SE Asia must boost free trade area: WTO chief designate
SE Asia must boost free trade area: WTO chief designate
KUALA LUMPUR (AFP): Southeast Asia must strengthen its free trade zone and seek new members to meet even stronger competition from China after it joins the World Trade Organization, the WTO's next chief said on Thursday.
The ASEAN Free Trade Area (AFTA) "will have to take a good look at the goal we set for ourselves," WTO director-general designate Supachai Panitchpakdi told an economic forum.
When the Association of Southeast Asian Nations (ASEAN) created AFTA in 1993, the aim was to create a wider marketplace so it could compete with China.
While AFTA had been effective in promoting regional trade, Supachai said it had largely failed in attracting foreign direct investment.
About 60 percent of foreign investment in Asia now went to China compared to 16 percent into ASEAN -- a reverse of the trend eight years ago.
"We have not been successful in stemming the tide... investment still flows in larger and larger numbers proportionately into China," said the former Thai deputy premier and commerce minister.
ASEAN must rethink its economic integration efforts especially with China's prospective WTO entry by late this year or early 2002, he said.
"We should move as soon as we can into deeper economic integration within ASEAN. We are now working only on the mobility of products. We have to also enhance the mobility of capital and the mobility of human resources," Supachai said.
ASEAN members should see how they could cooperate in jointly managing their exchange rate regimes, he said.
AFTA had focused on manufactured products and was only now moving towards liberalizing agriculture and services, he said, adding that progress was still slow.
It should also actively seek new members.
Supachai said he had proposed linking AFTA with the Closer Economic Relations grouping formed by Australia and New Zealand.
"I have quite strong hope that in due time ASEAN will be really looking for new members beyond our borders," he added.
Supachai said AFTA, whose aim is to create a single market of more than 300 million people, must engage China as soon as possible.
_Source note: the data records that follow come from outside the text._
(* Let $t\ge 4$ and let $K_{t,t}^{-}$ be the graph obtained from the complete bipartite graph $K_{t,t}$ by removing one edge. In a Waiter-Client game, by offering edges of $K_{t,t}^-$ only, Waiter can force a red perfect matching of $K_{t,t}^{-}$ within $t+1$ rounds.
   Context: Waiter-Client game: in each round Waiter offers two free edges of the board, Client colors one of them red and the other becomes blue. *)

From mathcomp Require Import all_boot all_fingroup.
Set Implicit Arguments. Unset Strict Implicit. Unset Printing Implicit Defensive.

(* Vertices of K_{t,t}: left part 'I_t and right part 'I_t.
   An edge {a_i, b_j} is encoded as the pair (i, j) : 'I_t * 'I_t.
   K_{t,t}^- is K_{t,t} with the edge (i0, j0) removed. *)
Definition Kminus_edges (t : nat) (i0 j0 : 'I_t) : {set 'I_t * 'I_t} :=
  [set e | e != (i0, j0)].

Definition has_red_pm (t : nat) (R : {set 'I_t * 'I_t}) : Prop :=
  exists s : {perm 'I_t}, forall i, (i, s i) \in R.

(* In each round Waiter offers two distinct
   free edges of the board; Client colours one red and the other blue. *)
Fixpoint waiter_wins (t : nat) (i0 j0 : 'I_t) (k : nat)
    (R B : {set 'I_t * 'I_t}) : Prop :=
  has_red_pm R \/
  match k with
  | 0 => False
  | k'.+1 =>
      exists e1 e2 : 'I_t * 'I_t,
        [/\ e1 != e2,
            e1 \in Kminus_edges i0 j0 :\: (R :|: B),
            e2 \in Kminus_edges i0 j0 :\: (R :|: B),
            waiter_wins i0 j0 k' (e1 |: R) (e2 |: B) &
            waiter_wins i0 j0 k' (e2 |: R) (e1 |: B)]
  end.

From mathcomp Require Import all_boot all_fingroup.
Set Implicit Arguments. Unset Strict Implicit. Unset Printing Implicit Defensive.

(* Waiter first offers two pairs of edges at a left vertex [a <> i0], so that
   [a] gets red edges to two right vertices [x], [y] while only edges at [a]
   are coloured.  From then on he keeps a red matching of all left vertices
   except [a] and a set [U] of unmatched ones, avoiding a set [V] of right
   vertices with [|V| = |U| + 1] and [x, y \in V], all edges between [U] and
   [V] being free.  Offering [l1 r, l2 r] (or [l r1, l r2]) with [r] in [V]
   but not [x], [y] extends the matching whatever Client picks, and once
   [U = {l}] the offer [l x, l y] finishes: [a] takes the other one of [x],
   [y].  Each round shrinks [U], so [2 + (t - 1)] rounds suffice.  The missing
   edge [i0 j0] can no longer be offered once [i0 \notin U] or [j0 \notin V],
   and one extra move of the same kind arranges this while [|U| >= 3]. *)

Lemma update_inj (T : finType) (T' : eqType) (D : {set T}) (g : T -> T') l r :
  {in D &, injective g} -> {in D, forall i, g i != r} ->
  {in l |: D &, injective [eta g with l |-> r]}.
Proof.
move=> g_inj g_r i j /setU1P[-> | iD] /setU1P[-> | jD] /=; rewrite ?eqxx //.
- case: eqVneq => [-> // | _] r_gj.
  by have := g_r j jD; rewrite -r_gj eqxx.
- case: eqVneq => [-> // | _] gi_r.
  by have := g_r i iD; rewrite gi_r eqxx.
- case: eqVneq => [-> | _]; case: eqVneq => [-> | _] //.
  + by move=> r_gj; have := g_r j jD; rewrite -r_gj eqxx.
  + by move=> gi_r; have := g_r i iD; rewrite gi_r eqxx.
  + exact: g_inj.
Qed.

Lemma update_red (T : finType) (D : {set T}) (R : {set T * T}) (g : T -> T)
    l r :
  {in D, forall i, (i, g i) \in R} ->
  {in l |: D, forall i, (i, [eta g with l |-> r] i) \in (l, r) |: R}.
Proof.
move=> g_red i /setU1P[-> | iD] /=; first by rewrite eqxx setU11.
by case: eqVneq => [-> | _]; rewrite ?setU11 // setU1r ?g_red.
Qed.

Lemma red_pm_of_injective t (R : {set 'I_t * 'I_t}) (f : 'I_t -> 'I_t) :
  injective f -> (forall i, (i, f i) \in R) -> has_red_pm R.
Proof. by move=> f_inj f_red; exists (perm f_inj) => i; rewrite permE. Qed.

Lemma board_edge t (i0 j0 : 'I_t) R B e :
  e != (i0, j0) -> e \notin R :|: B -> e \in Kminus_edges i0 j0 :\: (R :|: B).
Proof. by move=> ? ?; rewrite in_setD /Kminus_edges inE; apply/andP. Qed.

Lemma wins_red_pm t (i0 j0 : 'I_t) k R B :
  has_red_pm R -> waiter_wins i0 j0 k R B.
Proof. by case: k => [|k] pm; left. Qed.

Lemma wins_offer t (i0 j0 : 'I_t) k R B e1 e2 :
  e1 != e2 ->
  e1 \in Kminus_edges i0 j0 :\: (R :|: B) ->
  e2 \in Kminus_edges i0 j0 :\: (R :|: B) ->
  waiter_wins i0 j0 k (e1 |: R) (e2 |: B) ->
  waiter_wins i0 j0 k (e2 |: R) (e1 |: B) ->
  waiter_wins i0 j0 k.+1 R B.
Proof. by move=> *; right; exists e1, e2. Qed.

Section Position.

Variables (t : nat) (i0 j0 a x y : 'I_t).
Hypothesis x_neq_y : x != y.

Record position (g : 'I_t -> 'I_t) (U V : {set 'I_t})
    (R B : {set 'I_t * 'I_t}) : Prop := Position {
  card_unmatched : #|V| = #|U|.+1;
  a_notin_U : a \notin U;
  x_in_V : x \in V;
  y_in_V : y \in V;
  ax_red : (a, x) \in R;
  ay_red : (a, y) \in R;
  matched_inj : {in ~: (a |: U) &, injective g};
  matched_red : {in ~: (a |: U), forall i, (i, g i) \in R};
  matched_notin_V : {in ~: (a |: U), forall i, g i \notin V};
  unmatched_free : {in U & V, forall l r, (l, r) \notin R :|: B}
}.

Lemma card_spare g U V R B :
  position g U V R B -> #|V :\: [set x; y]| = #|U|.-1.
Proof.
case=> cardV _ xV yV *; rewrite cardsD.
have /setIidPr -> : [set x; y] \subset V by rewrite subUset !sub1set xV yV.
by rewrite cards2 x_neq_y cardV subSS subn1.
Qed.

Lemma star_position R B :
  R :|: B \subset [set e | e.1 == a] -> (a, x) \in R -> (a, y) \in R ->
  position id [set~ a] setT R B.
Proof.
move=> /subsetP star ax ay; split; rewrite ?in_setT //.
- by rewrite cardsC1 cardsT card_ord prednK // (leq_ltn_trans _ (ltn_ord a)).
- by rewrite in_setC1 eqxx.
- by move=> i; rewrite !inE orbN.
- by move=> i; rewrite !inE orbN.
- move=> l r; rewrite in_setC1 => l_a _; apply: contra l_a => /star.
  by rewrite inE.
Qed.

Lemma position_step g U V R B l r e :
  position g U V R B -> l \in U -> r \in V :\: [set x; y] ->
  (e.1 == l) || (e.2 == r) ->
  position [eta g with l |-> r] (U :\ l) (V :\ r) ((l, r) |: R) (e |: B).
Proof.
case=> cardV aU xV yV ax ay g_inj g_red g_V free lU /setDP[rV r_xy] e_at.
have l_a : l != a by apply: contraNneq aU => <-.
have dom : ~: (a |: U :\ l) = l |: ~: (a |: U).
  apply/setP=> i; rewrite !inE.
  by case: (eqVneq i l) => [-> | _] //=; rewrite (negbTE l_a).
have r_x : r != x by apply: contraNneq r_xy => ->; rewrite !inE eqxx.
have r_y : r != y by apply: contraNneq r_xy => ->; rewrite !inE eqxx orbT.
split.
- by move: cardV; rewrite (cardsD1 l U) (cardsD1 r V) lU rV => -[].
- by rewrite in_setD1 negb_and aU orbT.
- by rewrite in_setD1 eq_sym r_x.
- by rewrite in_setD1 eq_sym r_y.
- exact: setU1r ax.
- exact: setU1r ay.
- rewrite dom; apply: update_inj => // i iD.
  by apply: contraNneq (g_V i iD) => ->.
- by rewrite dom; apply: update_red.
- rewrite dom => i /setU1P[-> | iD] /=; first by rewrite eqxx setD11.
  have i_l : i != l by apply: contraTneq iD => ->; rewrite !inE lU orbT.
  by rewrite (negbTE i_l) in_setD1 negb_and g_V ?orbT.
- move=> l' r' /setD1P[l'_l l'U] /setD1P[r'_r r'V].
  have e_l'r' : (l', r') != e.
    by case: e e_at => e1 e2 /= /orP[] /eqP ->;
      rewrite xpair_eqE ?(negbTE l'_l) ?(negbTE r'_r) ?andbF.
  have := free l' r' l'U r'V; rewrite !inE !negb_or xpair_eqE.
  by rewrite (negbTE l'_l) e_l'r'.
Qed.

Lemma position_red_pm g l V R B z :
  position g [set l] V R B -> z \in [set x; y] -> has_red_pm ((l, z) |: R).
Proof.
case=> _ _ xV yV ax ay g_inj g_red g_V _ z_xy.
have zV : z \in V by case/set2P: z_xy => ->.
have [w [wV w_z aw]] : exists w, [/\ w \in V, w != z & (a, w) \in R].
  by case/set2P: z_xy => ->; [exists y | exists x]; split; rewrite // eq_sym.
pose f := [eta [eta g with l |-> z] with a |-> w].
have dom i : i \in a |: (l |: ~: (a |: [set l])).
  by rewrite !inE; case: (i == a); case: (i == l).
apply: (@red_pm_of_injective _ _ f) => [i j | i].
- apply: (update_inj _ _ (dom i) (dom j)).
    apply: update_inj => // i' i'D.
    by apply: contraNneq (g_V i' i'D) => ->.
  move=> i' /setU1P[-> | i'D] /=; first by rewrite eqxx eq_sym.
  by case: ifP => _; [rewrite eq_sym | apply: contraNneq (g_V i' i'D) => ->].
- case/setU1P: (dom i) => [-> | i_dom] /=; first by rewrite eqxx setU1r.
  case: eqVneq => [-> | _]; first by rewrite setU1r.
  exact: update_red g_red _ i_dom.
Qed.

Lemma position_final_wins g l V R B :
  position g [set l] V R B -> (l, x) != (i0, j0) -> (l, y) != (i0, j0) ->
  waiter_wins i0 j0 1 R B.
Proof.
move=> pos lx_ok ly_ok.
apply: (wins_offer (e1 := (l, x)) (e2 := (l, y))).
- by rewrite xpair_eqE eqxx x_neq_y.
- exact/board_edge/(unmatched_free pos (set11 l) (x_in_V pos)).
- exact/board_edge/(unmatched_free pos (set11 l) (y_in_V pos)).
- by apply/wins_red_pm/(position_red_pm pos); rewrite set21.
- by apply/wins_red_pm/(position_red_pm pos); rewrite set22.
Qed.

Lemma offer_adjacent_wins k g U V R B l1 r1 l2 r2 :
  position g U V R B -> l1 \in U -> l2 \in U ->
  r1 \in V :\: [set x; y] -> r2 \in V :\: [set x; y] ->
  (l1 == l2) || (r1 == r2) -> (l1, r1) != (l2, r2) ->
  (l1, r1) != (i0, j0) -> (l2, r2) != (i0, j0) ->
  (forall g' R' B', position g' (U :\ l1) (V :\ r1) R' B' ->
     waiter_wins i0 j0 k R' B') ->
  (forall g' R' B', position g' (U :\ l2) (V :\ r2) R' B' ->
     waiter_wins i0 j0 k R' B') ->
  waiter_wins i0 j0 k.+1 R B.
Proof.
move=> pos l1U l2U r1V r2V adj e12 e1_ok e2_ok wins1 wins2.
have [r1V' r2V'] : r1 \in V /\ r2 \in V by case/setDP: r1V; case/setDP: r2V.
apply: (wins_offer e12).
- exact/board_edge/(unmatched_free pos).
- exact/board_edge/(unmatched_free pos).
- by apply: wins1 (position_step pos l1U r1V _); rewrite /= eq_sym (eq_sym r2).
- by apply: wins2 (position_step pos l2U r2V _).
Qed.

Lemma edge_avoids_missing (U V : {set 'I_t}) l r :
  (i0 \notin U) || (j0 \notin V) -> l \in U -> r \in V -> (l, r) != (i0, j0).
Proof.
move=> avoid lU rV; rewrite xpair_eqE.
by apply: contraL avoid => /andP[/eqP <- /eqP <-]; rewrite lU rV.
Qed.

Lemma position_wins_avoiding n g (U V : {set 'I_t}) R B :
  #|U| = n.+1 -> position g U V R B -> (i0 \notin U) || (j0 \notin V) ->
  waiter_wins i0 j0 n.+1 R B.
Proof.
elim: n g U V R B => [|n IH] g U V R B cardU pos avoid.
  move/eqP/cards1P: cardU => [l U_l]; rewrite U_l in pos avoid.
  by apply: (position_final_wins pos); apply: edge_avoids_missing avoid _ _;
    rewrite ?set11 ?(x_in_V pos) ?(y_in_V pos).
have [l1 [l2 [l1U l2U l12]]] :
    exists l1 l2, [/\ l1 \in U, l2 \in U & l1 != l2].
  by apply/card_gt1P; rewrite cardU.
have [r rV] : exists r, r \in V :\: [set x; y].
  by apply/set0Pn; rewrite -card_gt0 (card_spare pos) cardU.
have rV' : r \in V by case/setDP: rV.
have wins l : l \in U -> forall g' R' B',
    position g' (U :\ l) (V :\ r) R' B' -> waiter_wins i0 j0 n.+1 R' B'.
  move=> lU g' R' B' /IH; apply.
    by move: cardU; rewrite (cardsD1 l) lU => -[].
  by case/orP: avoid; rewrite !in_setD1 !negb_and => ->; rewrite ?orbT.
apply: (offer_adjacent_wins pos l1U l2U rV rV) (wins _ l1U) (wins _ l2U).
- by rewrite eqxx orbT.
- by rewrite xpair_eqE eqxx andbT.
- exact: edge_avoids_missing avoid l1U rV'.
- exact: edge_avoids_missing avoid l2U rV'.
Qed.

(* One extra move puts the missing edge out of reach: either [j0] gets matched
   (if [j0] is not [x] or [y]) or [i0] does, along an edge avoiding [j0]. *)
Lemma position_wins g (U V : {set 'I_t}) R B :
  2 < #|U| -> position g U V R B -> waiter_wins i0 j0 #|U| R B.
Proof.
move=> U_gt2 pos; have [n cardU] : exists n, #|U| = n.+3.
  by exists (#|U| - 3); rewrite -addn3 subnK.
rewrite cardU.
have [avoid | ] := boolP ((i0 \notin U) || (j0 \notin V)).
  exact: position_wins_avoiding cardU pos avoid.
rewrite negb_or !negbK => /andP[i0U j0V].
have cardD l : l \in U -> #|U :\ l| = n.+2.
  by move=> lU; move: cardU; rewrite (cardsD1 l) lU => -[].
have [j0_xy | j0_xy] := boolP (j0 \in [set x; y]).
  have [r1 [r2 [r1V r2V r12]]] :
      exists r1 r2,
        [/\ r1 \in V :\: [set x; y], r2 \in V :\: [set x; y] & r1 != r2].
    by apply/card_gt1P; rewrite (card_spare pos) cardU.
  have ok r : r \in V :\: [set x; y] -> (i0, r) != (i0, j0).
    case/setDP=> _ r_xy; rewrite xpair_eqE eqxx.
    by apply: contraNneq r_xy => ->.
  have wins r g' R' B' : position g' (U :\ i0) (V :\ r) R' B' ->
      waiter_wins i0 j0 n.+2 R' B'.
    move=> pos'.
    by apply: position_wins_avoiding (cardD _ i0U) pos' _; rewrite setD11.
  apply: (offer_adjacent_wins pos i0U i0U r1V r2V) (wins r1) (wins r2).
  - by rewrite eqxx.
  - by rewrite xpair_eqE eqxx.
  - exact: ok.
  - exact: ok.
have [l1 [l2 [l1U l2U l12]]] :
    exists l1 l2, [/\ l1 \in U :\ i0, l2 \in U :\ i0 & l1 != l2].
  by apply/card_gt1P; rewrite cardD.
have j0V' : j0 \in V :\: [set x; y] by rewrite in_setD j0_xy.
have ok l : l \in U :\ i0 -> (l, j0) != (i0, j0).
  by case/setD1P=> l_i0 _; rewrite xpair_eqE (negbTE l_i0).
have wins l : l \in U :\ i0 -> forall g' R' B',
    position g' (U :\ l) (V :\ j0) R' B' -> waiter_wins i0 j0 n.+2 R' B'.
  case/setD1P=> _ lU g' R' B' pos'.
  by apply: position_wins_avoiding (cardD _ lU) pos' _; rewrite setD11 orbT.
have [l1U' l2U'] : l1 \in U /\ l2 \in U by case/setD1P: l1U; case/setD1P: l2U.
apply: (offer_adjacent_wins pos l1U' l2U' j0V' j0V') (wins _ l1U) (wins _ l2U).
- by rewrite eqxx orbT.
- by rewrite xpair_eqE eqxx andbT.
- exact: ok.
- exact: ok.
Qed.

End Position.

Lemma star_opening_wins t (i0 j0 a x x' y1 y2 : 'I_t) :
  3 < t -> a != i0 -> y1 != y2 ->
  x \notin [set y1; y2] -> x' \notin [set y1; y2] ->
  waiter_wins i0 j0 t [set (a, x)] [set (a, x')].
Proof.
move=> t_gt3 a_i0 y12 x_y x'_y.
have card_a : #|[set~ a]| = t.-1 by rewrite cardsC1 card_ord.
have wins y y' : y \in [set y1; y2] -> y' \in [set y1; y2] ->
    waiter_wins i0 j0 t.-1 ((a, y) |: [set (a, x)]) ((a, y') |: [set (a, x')]).
  move=> yy y'y; have x_y' : x != y by apply: contraNneq x_y => ->.
  rewrite -card_a; apply: (position_wins i0 j0 x_y').
  - by rewrite card_a -ltnS prednK // (ltn_trans _ t_gt3).
  - apply: star_position; rewrite ?setU11 ?setU1r ?set11 //.
    by rewrite !subUset !sub1set !inE !eqxx.
have free y : y \in [set y1; y2] ->
    (a, y) \in Kminus_edges i0 j0 :\: ([set (a, x)] :|: [set (a, x')]).
  move=> yy; apply: board_edge; first by rewrite xpair_eqE (negbTE a_i0).
  have y_x : y != x by apply: contraNneq x_y => <-.
  have y_x' : y != x' by apply: contraNneq x'_y => <-.
  by rewrite !inE !xpair_eqE eqxx /= negb_or y_x y_x'.
rewrite -[X in waiter_wins _ _ X](prednK (ltn_trans _ t_gt3)) //.
apply: (wins_offer (e1 := (a, y1)) (e2 := (a, y2))).
- by rewrite xpair_eqE eqxx.
- by rewrite free ?set21.
- by rewrite free ?set22.
- by apply: wins; rewrite ?set21 ?set22.
- by apply: wins; rewrite ?set21 ?set22.
Qed.

Theorem lemma3p3 (t : nat) (i0 j0 : 'I_t) :
  4 <= t -> waiter_wins i0 j0 t.+1 set0 set0.
Proof.
move=> t_ge4; have : 4 <= #|'I_t| by rewrite card_ord.
case/card_geqP=> -[|c0 [|c1 [|c2 [|c3 [|? ?]]]]] [] // uniq_c _ _.
move: uniq_c; rewrite /= !inE !negb_or.
case/and4P=> /and3P[c01 c02 c03] /andP[c12 c13] c23 _.
have [a a_i0] : exists a, a != i0.
  case: (eqVneq c0 i0) => [<- | ?]; last by exists c0.
  by exists c1; rewrite eq_sym.
have free c : (a, c) \in Kminus_edges i0 j0 :\: (set0 :|: set0).
  by rewrite board_edge ?inE // xpair_eqE (negbTE a_i0).
have opening x x' : x \notin [set c2; c3] -> x' \notin [set c2; c3] ->
    waiter_wins i0 j0 t [set (a, x)] [set (a, x')].
  exact: star_opening_wins t_ge4 a_i0 c23.
have [c0_c23 c1_c23] : c0 \notin [set c2; c3] /\ c1 \notin [set c2; c3].
  by rewrite !inE !negb_or c02 c03 c12 c13.
apply: (wins_offer _ (free c0) (free c1)); rewrite ?xpair_eqE ?eqxx ?setU0 //.
- exact: opening.
- exact: opening.
Qed.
"Everybody will be coming and fighting to get some market niches. That is the raison d'etre for China joining WTO... we might be net losers if we are too late and there might be pressure for China to put down some new rules on these products."
He said China should also be incorporated into an ASEAN investment area.
Under AFTA, ASEAN's six original members must cut tariffs on imports for agreed products to a maximum of five percent by January 1, 2003.
The original six ASEAN members are Brunei, Indonesia, Malaysia, the Philippines, Singapore and Thailand. Vietnam, Laos, Cambodia and Myanmar have joined in recent years.
Supachai said ASEAN, which recently set up a network of bilateral swap arrangements, should work on institutionalizing the network to form a so-called Asian Monetary Fund for "funding of last resort."
This would stem a crisis immediately rather than waiting for help from the International Monetary Fund but the fund "should not be delinked totally" from the IMF.